> [How to complete this task]
Below are some records; output exactly the lines from the line with "Lemma supp_move_coord A" to the line with "overlap v w) ->", both ends kept, and nothing more.
-- Dataset excerpts follows --
Lemma supp_in_conv A x k v n : supp p T A x -> lkv p T k A v -> x k = IZR n -> in_conv v n.
Proof. by move=> xA lv xk; have := supp_conv xA lv; rewrite xk => -[/le_IZR ? /le_IZR ?]. Qed.

Lemma supp_move_coord A x k v n : supp p T A x -> lkv p T k A v -> in_conv v n ->
  supp p T A (move_coord x k (IZR n)).
Proof.
move=> xA lv [lo hi] l; rewrite /move_coord; case: eqP => [-> | _]; last exact: xA.
by exists v; split => //; split; apply: IZR_le.
Qed.

Lemma overlap_knots_agree A B k v w x n : lkv p T k A v -> lkv p T k B w -> overlap v w ->
  supp p T A x -> supp p T B x -> x k = IZR n -> inXi T k A n <-> inXi T k B n.
Proof.
move=> lv lw ov xA xB xk.
have ag := overlap_agree ov (lkv_size_gt0 lv) (lkv_size_gt0 lw).
move/(lkv_agree lv lw): ag; apply.
  exact: supp_in_conv xA lv xk.
exact: supp_in_conv xB lw xk.
Qed.

Lemma not_overlap_knots_differ A B y k : supp p T A y -> supp p T B y ->
  ~ (exists v w, lkv p T k A v /\ lkv p T k B w /\ overlap v w) ->
  exists n, [/\ supp p T A (move_coord y k (IZR n)), supp p T B (move_coord y k (IZR n))
              & knots_differ T k A B n].
Proof.
move=> yA yB nov; have [v [lv _]] := yA k; have [w [lw _]] := yB k.
have cv := supp_conv yA lv; have cw := supp_conv yB lw.
have nag : ~ agree_on_conv v w.
  move=> ag; apply: nov; exists v, w; do 2!split=> //.
  apply: agree_overlap (lkv_sorted lv) (lkv_sorted lw) _ (lkv_size_gt0 lv) _ _ ag.
  - by case: lv => ->; case: lw => ->.
  - by apply: le_IZR; lra.
  - by apply: le_IZR; lra.
have [n [nv nw diff]] : exists n, [/\ in_conv v n, in_conv w n & knots_differ T k A B n].
  apply: NNPP => none; apply/nag/(lkv_agree lv lw) => n nv nw.
  by apply: NNPP => diff; apply: none; exists n.
by exists n; split; [exact: supp_move_coord yA lv nv | exact: supp_move_coord yB lw nw |].
Qed.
-- Dataset excerpts concluded --
> [Solution to the exercise]
Lemma supp_move_coord A x k v n : supp p T A x -> lkv p T k A v -> in_conv v n ->
  supp p T A (move_coord x k (IZR n)).
Proof.
move=> xA lv [lo hi] l; rewrite /move_coord; case: eqP => [-> | _]; last exact: xA.
by exists v; split => //; split; apply: IZR_le.
Qed.

Lemma overlap_knots_agree A B k v w x n : lkv p T k A v -> lkv p T k B w -> overlap v w ->
  supp p T A x -> supp p T B x -> x k = IZR n -> inXi T k A n <-> inXi T k B n.
Proof.
move=> lv lw ov xA xB xk.
have ag := overlap_agree ov (lkv_size_gt0 lv) (lkv_size_gt0 lw).
move/(lkv_agree lv lw): ag; apply.
  exact: supp_in_conv xA lv xk.
exact: supp_in_conv xB lw xk.
Qed.

Lemma not_overlap_knots_differ A B y k : supp p T A y -> supp p T B y ->
  ~ (exists v w, lkv p T k A v /\ lkv p T k B w /\ overlap v w) ->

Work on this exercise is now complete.